There is another effect of the London climate, besides the effect of sky scenery, and that is the local colour wherewith the characteristic smoke, mingled with a little rain to make a general water-colour, has painted the surfaces of the town in variants of black. The citizen who—unaware of such things as the quarter of the wind—takes his umbrella for fear of the thunderous look of a tremendous smoke-storm to leeward, is apt to take the touch of soot for the touch of time. Nevertheless, the two dark colours are quite unlike; time is browner, and has a depth in the tone, whereas soot is greyer, and at its blackest has no depth. It gives a shallow colour; and even those who love their sky streaked and tumbled into the chaos of smoke should not be allowed to defend the aquarelle that colours their buildings.

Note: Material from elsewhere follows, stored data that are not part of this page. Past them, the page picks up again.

(* The ratio |f|_C / |f|_{U^c} is already of order n log n for the
   conjunction AND_n(x) = x_1 /\ ... /\ x_n:
   - AND is decided by a one-state machine scanning the input once, i.e.
     in linear time; since c > 1, universality of U^c yields a single
     program h computing AND on all long inputs, so |AND_n|_{U^c} <= |h|
     is bounded by a constant;
   - AND_n depends on each of its n inputs, and a circuit can only depend
     on inputs that label one of its sources, so every circuit for AND_n
     has at least n vertices; each vertex description takes at least
     ceil(log2 n) bits, whence |AND_n|_C >= n log2 n;
   - AND_n does have a circuit (a chain of AND gates), so |AND_n|_C is
     finite and the ratio is at least (n log2 n) / |h|. *)

Lemma minoptP (P : nat -> Prop) : (exists k, P k) ->
  exists m, minopt P = Some m /\ P m /\ forall k, P k -> m <= k.
Proof.
move=> ex; rewrite /minopt; case: pselect => [e|//].
case: ex_minnP => m /asboolP Pm m_min; exists m; split=> //; split=> //.
by move=> k Pk; apply: m_min; apply/asboolP.
Qed.

Lemma desc_compl_le (phi : interpreter) n (f : H n) (h : seq bool) :
  (forall x : n.-tuple bool, phi h (tval x) = Some (f x)) ->
  exists u, desc_compl phi f = Some u /\ u <= size h.
Proof.
move=> hf; rewrite /desc_compl.
have [|u [-> [_ u_min]]] := @minoptP (fun k => exists h' : seq bool,
    size h' = k /\ forall x : n.-tuple bool, phi h' (tval x) = Some (f x)).
  by exists (size h), h.
by exists u; split=> //; apply: u_min; exists h.
Qed.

It is true that we no longer offer columns of the Doric order for treatment by London water-colours; but all the Doric columns we already have are left subject to this extraordinary substitute for the colouring of a Laconic sun. We have discovered that terra-cotta and tiles resist the work of the climate, and no doubt London at a glance presents a less coal-blackened face than it once wore. But too much of the surface of London is still the work of that dashing impressionist, the climate.